O tempo não passa quando a gente pensa.
Aquele relógio de mesa a me entreolhar, a me comer com seus pontiagudos ponteiros…
A revelar horas, minutos e segundos.
Recorda-me o coelho, que no mundo da Alice das maravilhas bradava: “ – É tarde! É tarde! Olhe a hora!”.
O tempo é implacável com as mulheres; que enrugam, enfeiam, empalidecem, envelhecem e, só servem de desculpa para serem desprezadas…
O tempo não passa mesmo para os que morrem.
Ficam lá, todos em prontidão sob uma lápide, sob um monumento lúgubre qualquer… E no silêncio secreto das sepulturas não importa a hora.
O tempo que passou, a infância que azedou na esquina, bem ali, na esquina, agora mesmo.
A miséria invisível de crianças que viajam famintas, maltrapilhas e desamadas…
A miséria inflexível do “cheirar cola” que retira a dor da fome, mas lhe rouba também a vida, a meninice, o direito de ser consciente e feliz.
O tempo de agora, em que escrevo, reescrevo, subscrevo e persigo as palavras até que se rendam a minha expressão.
Mas qual será a melhor palavra? De toda a língua portuguesa?

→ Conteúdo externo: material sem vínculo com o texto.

(* Let $X$ be a subshift with language $\mathcal L$, let $K$ be a positive integer (used in the density $\mathcal D$), let $w\in\mathcal L_n$, and let $\mathcal B=\{z^{(1)},\dots,z^{(p)}\}\subseteq\mathcal L_m$ satisfy: for every $y\in\mathcal L$ with $|y|>\max\{n,m\}$ and all $1\le j<j'\le|y|-\max\{m,n\}$ with $y_{[j,j+n-1]}=y_{[j',j'+n-1]}=w$, there exist $1\le i\le p$ and $j\le k<j'$ with $y_{[k,k+m-1]}=z^{(i)}$. Then for every $x\in X$ there exists $1\le j\le p$ with $$\mathcal D(z^{(j)},x)\ge\frac{1}{p(1+3n/m)}\,\mathcal D(w,x).$$
   Context: A subshift is a nonempty closed $X\subseteq\mathcal A^{\mathbb N}$ ($\mathcal A$ finite) invariant under the left shift; its language $\mathcal L$ is the set of finite nonempty words occurring in its points; $\mathcal L_n$ those of length $n$. (In the paper $K$ is the eventual constant value of $|\mathcal L_{n+1}|-|\mathcal L_n|$.) Upper density: for $x\in X$, $w\in\mathcal L$ with $n=|w|$, let $r(w,x,j)=1$ if $x_{[k,k+n-1]}=w$ for some $k$ with $(j-1)(K+1)n<k\le j(K+1)n$ and $0$ otherwise, and $\mathcal D(w,x)=\limsup_{N\to\infty}\frac1N\sum_{j=1}^Nr(w,x,j)$. *)

From Stdlib Require Import Reals List Arith ClassicalEpsilon.
Import ListNotations.
Open Scope R_scope.
Theorem theorem4p2 (R : realType) (T : finType) (G : rel T)
    (phi : T -> T -> R[i]) (u v : T) :
  simple_graph G -> unit_gain G phi ->
  degree G u = 1%N -> G u v ->
  let F := del2_graph u v G in
  let Fphi := del2_gain u v phi in
  ((gain_rank G phi)%:Z = (graph_rank R[i] G)%:Z + 2 * theta G ->
     ~ on_cycle G v /\
     (gain_rank F Fphi)%:Z = (graph_rank R[i] F)%:Z + 2 * theta F) /\
  ((gain_rank G phi)%:Z = (graph_rank R[i] G)%:Z - 2 * theta G ->
     ~ on_cycle G v /\
     (gain_rank F Fphi)%:Z = (graph_rank R[i] F)%:Z - 2 * theta F).
Proof.
move=> simG ug du Guv F Fphi; have [Gsym _] := simG.
have u_pendant := degree1_nbr du Guv.
have rankG : gain_rank G phi = (gain_rank F Fphi).+2 :=
  gain_rank_del2 Gsym u_pendant simG Guv ug.
have rank1G : graph_rank R[i] G = (graph_rank R[i] F).+2 :=
  gain_rank_del2 Gsym u_pendant simG Guv (@unit_gain1 R[i] _ G).
have simF : simple_graph F := simple_graph_del2 u v simG.
have ugF : unit_gain F Fphi := unit_gain_del2 ug.
have rankF_le : (gain_rank F Fphi)%:Z <= (graph_rank R[i] F)%:Z + 2 * theta F :=
  gain_rank_le_theta simF ugF (@unit_gain1 R[i] _ F).
have rankF_ge : (graph_rank R[i] F)%:Z <= (gain_rank F Fphi)%:Z + 2 * theta F :=
  gain_rank_le_theta simF (@unit_gain1 R[i] _ F) ugF.
have thetaF_le : theta F <= theta G := theta_del2_le u v Gsym.
have thetaF_lt : on_cycle G v -> theta F < theta G := theta_del2_lt Gsym u_pendant.
by rewrite rankG rank1G; split=> rank_eq; split=> [/thetaF_lt|]; lia.
Qed.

Ou será brasileira?
Esperança?
Pandora?
Vitória?
Qual será a exata acepção dessa horda de gente de carne e osso que ninguém vê…
E circulam na rua, nos sinais de trânsito…
Ver, até podem, mas enxergar…
Fazer diferença, alterar o curso fatídico da história?
Ou será estória?
Ou será discreta catástrofe?
Mais um ou dois milímetros e mais, e uma alma vem ao mundo, a respirar oxigênio, a sair do útero tépido e líquido.
Para mergulhar na dureza da vida prática no dia-a-dia.
A precisar de outras mão que não apenas as suas…
A ver e sentir não apenas o que lhes mostram mas, sobretudo, o que a vida quer…
Sejamos sensíveis a essa miséria invisível que nos ronda à todos, e a todos os dias.
Precisamos nos despir do medo, do preconceito e até do nojo, do repúdio à essa miséria invisível.
Experimentemos dar-lhe feição humana, dar-lhe um nome, um lar, um alimento, uma escola, mas não sem esquecer do tempero fundamental das almas:
Do amor, do afeto, da afeição.
Da mão que afaga, que ampara, do casaco que aquece perdido nas ruas não apenas em corpos pobres debaixo de viadutos, mas que resguarda seres humanos.
Busquemos dar-lhes essa tal dignidade que todo e qualquer ser humano tem o direito, (e não é favor) reconhecer, mas que todos, sem exceção merecem ter: DIGNIDADE.
CONSTITUIÇÃO DA REPÚBLICA FEDERATIVA DO BRASIL DE 1988
Art. 1º A República Federativa do Brasil, formada pela união indissolúvel dos Estados e Municípios e do Distrito Federal, constitui-se em Estado Democrático de Direito e tem como fundamentos:
(…)
III – a dignidade da pessoa humana;
(…)
Talvez se conseguirmos fazer um décimo disso tudo, um minimum.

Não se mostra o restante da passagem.